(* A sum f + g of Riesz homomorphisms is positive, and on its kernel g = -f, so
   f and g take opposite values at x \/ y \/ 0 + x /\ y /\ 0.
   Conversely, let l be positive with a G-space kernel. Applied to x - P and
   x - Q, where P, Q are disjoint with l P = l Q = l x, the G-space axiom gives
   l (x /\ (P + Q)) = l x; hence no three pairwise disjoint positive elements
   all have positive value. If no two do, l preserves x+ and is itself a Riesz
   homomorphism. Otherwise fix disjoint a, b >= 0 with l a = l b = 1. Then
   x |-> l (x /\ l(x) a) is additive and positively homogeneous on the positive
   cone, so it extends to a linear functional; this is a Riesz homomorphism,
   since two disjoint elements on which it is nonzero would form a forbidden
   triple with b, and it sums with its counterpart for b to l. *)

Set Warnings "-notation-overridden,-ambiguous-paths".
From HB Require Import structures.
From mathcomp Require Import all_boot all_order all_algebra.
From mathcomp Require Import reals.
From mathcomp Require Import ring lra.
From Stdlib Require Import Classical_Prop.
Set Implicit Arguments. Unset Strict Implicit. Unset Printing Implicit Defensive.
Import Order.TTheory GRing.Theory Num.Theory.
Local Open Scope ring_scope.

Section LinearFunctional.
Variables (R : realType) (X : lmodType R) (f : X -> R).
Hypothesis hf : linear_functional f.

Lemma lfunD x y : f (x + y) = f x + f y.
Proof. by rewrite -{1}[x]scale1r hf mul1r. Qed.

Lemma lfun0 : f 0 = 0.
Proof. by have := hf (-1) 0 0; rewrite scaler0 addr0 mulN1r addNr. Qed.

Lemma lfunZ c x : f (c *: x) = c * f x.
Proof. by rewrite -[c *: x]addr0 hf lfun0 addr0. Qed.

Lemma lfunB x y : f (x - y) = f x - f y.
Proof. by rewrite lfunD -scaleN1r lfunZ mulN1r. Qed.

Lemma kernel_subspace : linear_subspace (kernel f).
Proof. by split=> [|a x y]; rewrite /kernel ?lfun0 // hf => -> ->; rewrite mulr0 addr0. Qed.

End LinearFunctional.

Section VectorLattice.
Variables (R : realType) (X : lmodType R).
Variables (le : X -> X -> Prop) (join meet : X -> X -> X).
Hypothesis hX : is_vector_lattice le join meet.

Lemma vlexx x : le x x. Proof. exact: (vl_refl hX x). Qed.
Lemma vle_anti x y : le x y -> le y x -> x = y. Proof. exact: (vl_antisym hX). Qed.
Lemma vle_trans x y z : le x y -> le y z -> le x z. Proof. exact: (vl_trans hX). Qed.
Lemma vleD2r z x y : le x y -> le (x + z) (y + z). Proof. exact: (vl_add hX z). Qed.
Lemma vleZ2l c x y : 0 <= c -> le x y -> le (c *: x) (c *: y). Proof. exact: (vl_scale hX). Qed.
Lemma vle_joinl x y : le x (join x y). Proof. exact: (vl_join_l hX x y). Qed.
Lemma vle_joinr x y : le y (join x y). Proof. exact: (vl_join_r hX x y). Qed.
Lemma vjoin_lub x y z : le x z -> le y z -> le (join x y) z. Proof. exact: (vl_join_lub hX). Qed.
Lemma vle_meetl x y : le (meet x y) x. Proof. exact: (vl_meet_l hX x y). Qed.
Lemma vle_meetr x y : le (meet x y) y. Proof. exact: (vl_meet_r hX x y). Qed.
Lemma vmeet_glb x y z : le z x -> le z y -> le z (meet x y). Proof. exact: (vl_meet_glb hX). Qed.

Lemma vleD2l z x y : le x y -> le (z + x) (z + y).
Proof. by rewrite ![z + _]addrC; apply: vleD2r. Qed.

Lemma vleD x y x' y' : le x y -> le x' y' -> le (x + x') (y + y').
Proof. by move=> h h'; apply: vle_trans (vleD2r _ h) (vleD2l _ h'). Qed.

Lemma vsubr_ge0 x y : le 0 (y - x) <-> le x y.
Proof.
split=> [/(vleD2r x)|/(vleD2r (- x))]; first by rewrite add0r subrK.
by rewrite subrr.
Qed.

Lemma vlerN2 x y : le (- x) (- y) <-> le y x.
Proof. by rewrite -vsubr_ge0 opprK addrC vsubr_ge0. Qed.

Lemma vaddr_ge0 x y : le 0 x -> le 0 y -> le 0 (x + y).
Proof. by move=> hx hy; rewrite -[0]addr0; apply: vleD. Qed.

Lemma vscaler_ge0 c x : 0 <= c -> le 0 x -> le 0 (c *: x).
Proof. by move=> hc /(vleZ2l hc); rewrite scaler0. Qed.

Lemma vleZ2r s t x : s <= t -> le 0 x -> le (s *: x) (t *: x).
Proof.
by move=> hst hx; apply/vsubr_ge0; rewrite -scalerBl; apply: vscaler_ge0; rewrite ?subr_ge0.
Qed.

◆ ◆ ◆ ◆

### WHAT THE EXERCISE ASKS
Out of the data above, set down the lines from the one with "From Stdlib Require Import Classical_Prop." to the one with "Lemma vleD2l z", both included, exactly as written and with no additions.

### EXPECTED OUTPUT
From Stdlib Require Import Classical_Prop.
Set Implicit Arguments. Unset Strict Implicit. Unset Printing Implicit Defensive.
Import Order.TTheory GRing.Theory Num.Theory.
Local Open Scope ring_scope.

Section LinearFunctional.
Variables (R : realType) (X : lmodType R) (f : X -> R).
Hypothesis hf : linear_functional f.

Lemma lfunD x y : f (x + y) = f x + f y.
Proof. by rewrite -{1}[x]scale1r hf mul1r. Qed.

Lemma lfun0 : f 0 = 0.
Proof. by have := hf (-1) 0 0; rewrite scaler0 addr0 mulN1r addNr. Qed.

Lemma lfunZ c x : f (c *: x) = c * f x.
Proof. by rewrite -[c *: x]addr0 hf lfun0 addr0. Qed.

Lemma lfunB x y : f (x - y) = f x - f y.
Proof. by rewrite lfunD -scaleN1r lfunZ mulN1r. Qed.

Lemma kernel_subspace : linear_subspace (kernel f).
Proof. by split=> [|a x y]; rewrite /kernel ?lfun0 // hf => -> ->; rewrite mulr0 addr0. Qed.

End LinearFunctional.

Section VectorLattice.
Variables (R : realType) (X : lmodType R).
Variables (le : X -> X -> Prop) (join meet : X -> X -> X).
Hypothesis hX : is_vector_lattice le join meet.

Lemma vlexx x : le x x. Proof. exact: (vl_refl hX x). Qed.
Lemma vle_anti x y : le x y -> le y x -> x = y. Proof. exact: (vl_antisym hX). Qed.
Lemma vle_trans x y z : le x y -> le y z -> le x z. Proof. exact: (vl_trans hX). Qed.
Lemma vleD2r z x y : le x y -> le (x + z) (y + z). Proof. exact: (vl_add hX z). Qed.
Lemma vleZ2l c x y : 0 <= c -> le x y -> le (c *: x) (c *: y). Proof. exact: (vl_scale hX). Qed.
Lemma vle_joinl x y : le x (join x y). Proof. exact: (vl_join_l hX x y). Qed.
Lemma vle_joinr x y : le y (join x y). Proof. exact: (vl_join_r hX x y). Qed.
Lemma vjoin_lub x y z : le x z -> le y z -> le (join x y) z. Proof. exact: (vl_join_lub hX). Qed.
Lemma vle_meetl x y : le (meet x y) x. Proof. exact: (vl_meet_l hX x y). Qed.
Lemma vle_meetr x y : le (meet x y) y. Proof. exact: (vl_meet_r hX x y). Qed.
Lemma vmeet_glb x y z : le z x -> le z y -> le z (meet x y). Proof. exact: (vl_meet_glb hX). Qed.

Lemma vleD2l z x y : le x y -> le (z + x) (z + y).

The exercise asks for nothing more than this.